Working with AI and ML: Pros and cons
The needs and expectations of customers of any modern business are high, and to provide products and services that will satisfy them, it is often necessary to process a lot of data. Due to the interest of global companies in big data and analytical systems, the Data Science market is growing – it is expected to reach almost $323 billion by 2026. Businesses are investing in data and artificial intelligence, so the demand for Data Science specialists is growing.

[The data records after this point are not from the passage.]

(* Let $\mathcal G$ be a finite connected groupoid and $\alpha=(S_g,\alpha_g)_{g\in\mathcal G}$ a unital group-type partial action of $\mathcal G$ on a ring $S=\bigoplus_{y\in\mathcal G_0}S_y$, with $S_g=S1_g$ and $1_g\neq0$ for all $g$. Let $\mathcal H\in\mathrm{wSub}_\alpha(\mathcal G)$, with connected components $\mathcal H_1,\dots,\mathcal H_r$ having object sets $Y_1,\dots,Y_r$, choose $y_j\in Y_j$, and let $T=S^{\alpha_{\mathcal H}}$ and $T_{y_j}=S_{y_j}^{\alpha_{\mathcal H_j(y_j)}}$. Then: (i) $\mathcal G_T$ is a wide subgroupoid of $\mathcal G$ if and only if $\mathcal G(y_j)_{T_{y_j}}$ is a subgroup of $\mathcal G(y_j)$ for all $1\le j\le r$; (ii) $\mathcal G_T=\mathcal H$ if and only if $\mathcal G(y_j)_{T_{y_j}}=\mathcal H_j(y_j)$ for all $1\le j\le r$.
   Context: A groupoid is a small category with all morphisms invertible; $\mathcal G_0$ is its object set (identified with identity morphisms), $s(g),t(g)$ source and target, $\mathcal G(x,y)=\{g:s(g)=x,t(g)=y\}$, $\mathcal G(x)=\mathcal G(x,x)$; $gh$ defined iff $s(g)=t(h)$; connected means all $\mathcal G(x,y)\ne\emptyset$; connected components are full subgroupoids on classes of $x\sim y\iff\mathcal G(x,y)\neq\emptyset$; a subgroupoid is wide if it contains all of $\mathcal G_0$. A partial action $\alpha=(S_g,\alpha_g)_{g\in\mathcal G}$ on a ring $S$: for each $g$, $S_{t(g)}$ is an ideal of $S$, $S_g$ an ideal of $S_{t(g)}$, $\alpha_g:S_{g^{-1}}\to S_g$ a ring isomorphism; $\alpha_x=\mathrm{id}_{S_x}$; for composable $(g,h)$, $\alpha_h^{-1}(S_{g^{-1}}\cap S_h)\subseteq S_{(gh)^{-1}}$ and $\alpha_g\alpha_h(a)=\alpha_{gh}(a)$ there. Unital: $S_g=S1_g$, $1_g$ central idempotent. A transversal for $x$ in a connected groupoid $\mathcal K$ is $\{\tau_y\}_{y\in\mathcal K_0}$ with $\tau_y\in\mathcal K(x,y)$, $\tau_x=x$; a partial action of connected $\mathcal K$ on $A=\bigoplus_{y\in\mathcal K_0}A_y$ is group-type if some $x$ and transversal satisfy $A_{\tau_y^{-1}}=A_x$, $A_{\tau_y}=A_y$ for all $y$; for non-connected $\mathcal K$ it is group-type if each restriction to a connected component $\mathcal K_Y$ (acting on $\bigoplus_{y\in Y}A_y$) is group-type. For a subgroupoid $\mathcal H$, $\alpha_{\mathcal H}=(S_h,\alpha_h)_{h\in\mathcal H}$ acts on $\bigoplus_{z\in\mathcal H_0}S_z$. $\mathrm{wSub}_\alpha(\mathcal G)$ is the set of wide subgroupoids $\mathcal H$ with $\alpha_{\mathcal H}$ group-type. For a subgroupoid $\mathcal K$ and subring $A\subseteq S$, $A^{\alpha_{\mathcal K}}=\{a\in A:\alpha_k(a1_{k^{-1}})=a1_k\ \forall k\in\mathcal K\}$. For a subring $T\subseteq S$, $\mathcal G_T=\{g\in\mathcal G:\alpha_g(t1_{g^{-1}})=t1_g\ \forall t\in T\}$; for $y\in\mathcal G_0$ and a subring $B\subseteq S_y$, $\mathcal G(y)_B=\{l\in\mathcal G(y):\alpha_l(b1_{l^{-1}})=b1_l\ \forall b\in B\}$. *)

From mathcomp Require Import all_boot all_algebra.
Set Implicit Arguments. Unset Strict Implicit. Unset Printing Implicit Defensive.
Import GRing.Theory.
Local Open Scope ring_scope.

Still, working with data is not always easy, and a 2022 study aimed at determining the state of play in the Data Science industry will help to understand what exactly can go wrong. A survey of 300 industry professionals, including data analysts, data scientists, ML, and data engineers, showed that they often face the following problems:
- Implementation of AI elements is slow and can take a year instead of the planned two months;
- It is more expensive than expected;
- Low quality of the model;
- It does not fit the technological stack;
- The production data differs significantly or may differ over time.
According to the research, most respondents believe it is challenging to implement AI elements in projects because specific models are already in place, but financial and technical capabilities are limited.

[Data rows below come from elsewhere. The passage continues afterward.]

(* Let $F_i\colon \mathbb{R}^n \rightrightarrows \mathbb{R}^m$, $i=1,\ldots,p$, be nearly convex set-valued mappings and let $F=\bigcap_{i=1}^p F_i$, i.e. $F(x)=\bigcap_{i=1}^pF_i(x)$. Assume $$\bigcap_{i=1}^p \mathrm{ri}(\mathrm{gph}\, F_i)\neq\emptyset.$$ Then for any $\varepsilon \ge 0$, any $(\bar x, \bar y)\in \mathrm{gph}\, F$ and any $v\in\mathbb{R}^m$, $$D^*_\varepsilon F (\bar x, \bar y) (v)= \bigcup_{\substack{\varepsilon_1\geq 0,\ldots, \varepsilon_p\geq 0,\\ \varepsilon_1+\cdots+\varepsilon_p=\varepsilon}} \Big\{D^*_{\varepsilon_1} F_1 (\bar x, \bar y)(v_1)+\cdots+ D^*_{\varepsilon_p} F_p (\bar x, \bar y)(v_p) \;\Big|\; v_1+\cdots+v_p =v\Big\}.$$
   Context: A set $D$ is nearly convex if there is a convex $E$ with $E\subset D\subset\overline{E}$. A set-valued mapping is nearly convex if its graph $\mathrm{gph}\,F=\{(x,y)\mid y\in F(x)\}$ is nearly convex. $\mathrm{ri}\,D=\{a\in D\mid\exists\delta>0,\ B(a;\delta)\cap\mathrm{aff}\,D\subset D\}$. For nonempty $\Omega$, $\bar z\in\Omega$, $\varepsilon\ge0$: $N_\varepsilon(\bar z;\Omega)=\{\xi\mid\langle\xi,z-\bar z\rangle\le\varepsilon\ \forall z\in\Omega\}$. The $\varepsilon$-coderivative at $(\bar x,\bar y)\in\mathrm{gph}\,F$ is $D^*_\varepsilon F(\bar x,\bar y)(v)=\{u\in\mathbb{R}^n\mid(u,-v)\in N_\varepsilon((\bar x,\bar y);\mathrm{gph}\,F)\}$. The union over the $v_i$ ranges over all $v_1,\dots,v_p\in\mathbb{R}^m$ summing to $v$; sums of sets are Minkowski sums. *)

From HB Require Import structures.
From mathcomp Require Import all_boot all_order all_algebra.
From mathcomp Require Import classical_sets reals.
Set Implicit Arguments. Unset Strict Implicit. Unset Printing Implicit Defensive.
Import Order.TTheory GRing.Theory Num.Theory.
Local Open Scope ring_scope.
Local Open Scope classical_set_scope.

If AI is implemented, it is impossible to fully meet the needs of the business because the model’s efficiency is lower than expected, it requires too many resources to support it, or it does not integrate well with the existing architecture. More details on the problems of AI implementation can be seen in the following graphs.

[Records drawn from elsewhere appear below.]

Lemma ae_ysection_cst (m1 : probability T1 R) (m2 : probability T2 R) E :
  measurable E ->
  (forall A, measurable A -> (m1 \x m2) (E `&` setT `*` A) = m2 A * (m1 \x m2) E) ->
  ae_eq m2 setT (fun y => m1 (ysection E y)) (cst ((m1 \x m2) E)).
Proof.
move=> mE indepE; apply: integral_ae_eq => //.
- apply: (@le_integrable _ _ _ _ _ measurableT _ (EFin \o cst 1%R)).
  + exact: measurable_fun_ysection.
  + move=> y _ /=; rewrite gee0_abs// ger0_norm//.
    exact: probability_le1 (measurable_ysection _ _).
  + exact: finite_measure_integrable_cst.
- move=> A _ mA; rewrite integral_cst// muleC -indepE//.
  rewrite product_measure_ysectionE; last by apply: measurableI => //; exact: measurableX.
  rewrite integral_mkcond; apply: eq_integral => y _; rewrite patchE ysectionI.
  case: ifPn => yA /=.
  + by rewrite in_ysectionX// setIT.
  + by rewrite notin_ysectionX// setI0 measure0.
Qed.

End product_measure_sections.

Section balanced_decomposition.
Context (R : realType) d (T : measurableType d) (mu mu0 mu1 : probability T R).
Hypothesis mu01 : balanced_decomp mu mu0 mu1.

Lemma balanced_decompC : balanced_decomp mu mu1 mu0.
Proof. by move=> A mA; rewrite addeC mu01. Qed.

Lemma balanced_decomp_dominates : mu0 `<< mu.
Proof.
apply/null_content_dominatesP => A mA muA0; apply/eqP.
by rewrite eq_le measure_ge0 andbT -(mule0 2%:E) -muA0 -mu01// leeDl.
Qed.

Context d' (T' : measurableType d') (nu : probability T' R).

Lemma product_measure_balanced_l (E : set (T * T')) : measurable E ->
  (mu0 \x nu) E + (mu1 \x nu) E = 2%:E * (mu \x nu) E.
Proof.
move=> mE; rewrite !product_measure_ysectionE//.
rewrite -ge0_integralD//; [|exact: measurable_fun_ysection..].
rewrite -ge0_integralZl//; last exact: measurable_fun_ysection.
by apply: eq_integral => y _; apply: mu01; exact: measurable_ysection.
Qed.

Lemma product_measure_balanced_r (E : set (T' * T)) : measurable E ->
  (nu \x mu0) E + (nu \x mu1) E = 2%:E * (nu \x mu) E.
Proof.
move=> mE; rewrite /product_measure1 /=.
rewrite -ge0_integralD//; [|exact: measurable_fun_xsection..].
rewrite -ge0_integralZl//; last exact: measurable_fun_xsection.
by apply: eq_integral => x _; apply: mu01; exact: measurable_xsection.
Qed.

End balanced_decomposition.

Lemma product_measure_balanced_eq (R : realType) d (T : measurableType d)
  (mu mu0 mu1 nu0 nu1 : probability T R) (E : set (T * T)) : measurable E ->
  (forall A, measurable A -> (mu \x mu) (E `&` A `*` setT) = mu A * (mu \x mu) E) ->
  (forall A, measurable A -> (mu \x mu) (E `&` setT `*` A) = mu A * (mu \x mu) E) ->
  balanced_decomp mu mu0 mu1 -> balanced_decomp mu nu0 nu1 ->
  (mu0 \x nu0) E = (mu1 \x nu1) E.
Proof.
move=> mE indepx indepy mu01 nu01; set c := (mu \x mu) E.
have mu_nu0 : (mu \x nu0) E = c.
  apply: (product_measure_ae_ysection mE (balanced_decomp_dominates nu01)).
  exact: (ae_ysection_cst mE indepy).
have mu1_mu : (mu1 \x mu) E = c.
  apply: (product_measure_ae_xsection mE _ (ae_xsection_cst mE indepx)).
  exact: (balanced_decomp_dominates (balanced_decompC mu01)).
have h0 : (mu0 \x nu0) E + (mu1 \x nu0) E = 2%:E * c.
  by rewrite (product_measure_balanced_l mu01)// mu_nu0.
have h1 : (mu1 \x nu1) E + (mu1 \x nu0) E = 2%:E * c.
  by rewrite addeC (product_measure_balanced_r nu01)// mu1_mu.
have fin : (mu1 \x nu0) E \is a fin_num.
  by rewrite ge0_fin_numE// (le_lt_trans (probability_le1 _ mE)) ?ltry.
by rewrite -[LHS](addeK _ fin) h0 -h1 addeK.
Qed.

Section independent_pairs.
Context (R : realType) (dO : measure_display) (O : measurableType dO)
  (P : probability O R).

Lemma indep2C d1 d2 (T1 : measurableType d1) (T2 : measurableType d2)
  (X : O -> T1) (Y : O -> T2) : indep2 P X Y -> indep2 P Y X.
Proof. by move=> hXY A B mA mB; rewrite setIC hXY// muleC. Qed.

Lemma indep2_pair_law d1 d2 (T1 : measurableType d1) (T2 : measurableType d2)
  (X : {mfun O >-> T1}) (Y : {mfun O >-> T2})
  (m1 : probability T1 R) (m2 : probability T2 R) (E : set (T1 * T2)) :
  has_law P X m1 -> has_law P Y m2 -> indep2 P X Y -> measurable E ->
  P ((fun w => (X w, Y w)) @^-1` E) = (m1 \x m2) E.
Proof.
move=> hX hY hXY mE; have mXY : measurable_fun setT (fun w => (X w, Y w)).
  by apply: measurable_fun_pair; exact: measurable_funP.
rewrite (@product_measure_unique _ _ _ _ _ m1 m2 (pushforward P (fun w => (X w, Y w))))//.
by move=> A B mA mB; rewrite /pushforward /= -hX// -hY// -hXY.
Qed.

Lemma iid_pair_lawC d (T : measurableType d) (mu : probability T R)
  (X Y : {mfun O >-> T}) (E : set (T * T)) :
  has_law P X mu -> has_law P Y mu -> indep2 P X Y -> measurable E ->
  P ((fun w => (X w, Y w)) @^-1` E) = P ((fun w => (Y w, X w)) @^-1` E).
Proof.
move=> hX hY hXY mE.
by rewrite (indep2_pair_law hX hY hXY mE) (indep2_pair_law hY hX (indep2C hXY) mE).
Qed.

End independent_pairs.

Section antisymmetric_kernel.
Context (R : realType) d (T : measurableType d) (mu : probability T R)
  dM (M : measurableType dM) (f : T * T -> M) (i : M -> M).
Hypotheses (mf : measurable_fun setT f) (mi : measurable_fun setT i).
Hypotheses (ii : involutive i) (fanti : forall x y, f (x, y) = i (f (y, x))).
Context dO (O : measurableType dO) (P : probability O R) (X Y : {mfun O >-> T}).
Hypotheses (hX : has_law P X mu) (hY : has_law P Y mu) (hXY : indep2 P X Y).

Let F w := f (X w, Y w).

Lemma measure_XF_swap A B : measurable A -> measurable B ->
  P (X @^-1` A `&` F @^-1` B) = P (Y @^-1` A `&` F @^-1` (i @^-1` B)).
Proof.
move=> mA mB.
have mE : measurable (A `*` setT `&` f @^-1` B).
  by apply: measurableI; [exact: measurableX | exact: measurable_preimage].
have -> : X @^-1` A `&` F @^-1` B = (fun w => (X w, Y w)) @^-1` (A `*` setT `&` f @^-1` B).
  by apply/seteqP; split => w /=; [move=> [? ?] | move=> [[? _] ?]].
rewrite (iid_pair_lawC hX hY hXY mE); congr (P _); apply/seteqP.
by split => w /=; rewrite /F fanti; [move=> [[? _] ?] | move=> [? ?]].
Qed.

Lemma measure_F_swap B : measurable B -> P (F @^-1` B) = P (F @^-1` (i @^-1` B)).
Proof.
by move=> mB; have := measure_XF_swap measurableT mB; rewrite !preimage_setT !setTI.
Qed.

Lemma indep2_FY_XF : indep2 P F Y -> indep2 P X F.
Proof.
move=> hFY A B mA mB; have miB := measurable_preimage mi mB.
by rewrite measure_XF_swap// setIC hFY// -measure_F_swap// hX// -hY// muleC.
Qed.

Lemma indep2_XF_FY : indep2 P X F -> indep2 P F Y.
Proof.
move=> hXF B A mB mA; have miB := measurable_preimage mi mB.
have iiB : i @^-1` (i @^-1` B) = B by apply/seteqP; split => m /=; rewrite ii.
rewrite setIC; have := measure_XF_swap mA miB; rewrite iiB => <-.
by rewrite hXF// -measure_F_swap// hX// -hY// muleC.
Qed.

End antisymmetric_kernel.

Section pairwise_independent_kernel.
Context (R : realType) d (T : measurableType d) (mu : probability T R)
  dM (M : measurableType dM) (f : T * T -> M) (mf : measurable_fun setT f).
Context dO (O : measurableType dO) (P : probability O R) (X Y : {mfun O >-> T}).
Hypotheses (hX : has_law P X mu) (hY : has_law P Y mu) (hXY : indep2 P X Y).

Let F w := f (X w, Y w).

Lemma indep2_XF_product B A : indep2 P X F -> measurable B -> measurable A ->
  (mu \x mu) (f @^-1` B `&` A `*` setT) = mu A * (mu \x mu) (f @^-1` B).
Proof.
move=> hXF mB mA; have mfB := measurable_preimage mf mB.
rewrite -!(indep2_pair_law hX hY hXY)//; last first.
  by apply: measurableI => //; exact: measurableX.
rewrite -hX// -hXF//; congr (P _).
by apply/seteqP; split => w /=; [move=> [? [? _]] | move=> [? ?]].
Qed.

Lemma indep2_YF_product B A : indep2 P Y F -> measurable B -> measurable A ->
  (mu \x mu) (f @^-1` B `&` setT `*` A) = mu A * (mu \x mu) (f @^-1` B).
Proof.
move=> hYF mB mA; have mfB := measurable_preimage mf mB.
rewrite -!(indep2_pair_law hX hY hXY)//; last first.
  by apply: measurableI => //; exact: measurableX.
rewrite -hY// -hYF//; congr (P _).
by apply/seteqP; split => w /=; [move=> [? [_ ?]] | move=> [? ?]].
Qed.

Why are the deadlines higher than expected?
The research aptly notes that everything takes time, and the problem is mainly in incorrect expectations when planning a project. However, technologies based on artificial intelligence require more time for quality development.
Machine learning is a product just like traditional software, and high expectations are also common. Today, it is hard to imagine a smartphone keyboard without auto-complete, an online store without a selection of recommended products, social networks without personalized advertising, etc. Today’s consumers are more demanding and have high expectations, but innovations don’t appear in two days.
Businesses are trying to meet expectations and are often in a hurry. And if there is also a lack of real experience in AI implementation, a “domino effect” occurs, and problems overlap.
Specialists underestimate data collection, processing, and dataset creation, while the key to a successful ML solution is a good set of relevant data. The second underestimated problem is MLOps, mainly due to complex data and model monitoring. This is a rather broad topic that colleagues explained well in this article.
Why is AI implementation more expensive than expected?
The cost of implementing AI-based technologies is linearly related to the timeframe of the task. Paying for the team’s work, computing power, and other services for three months is more profitable than a year.
However, there are other factors. For example, cloud providers actively convince you that you will receive a ready-made model by transferring data to their black box. Build, train, and deploy, and there are a lot of examples on the Titanic or MNIST datasets. Everything seems very simple, but in 7 out of 10 cases, the task is more complicated and requires some workarounds.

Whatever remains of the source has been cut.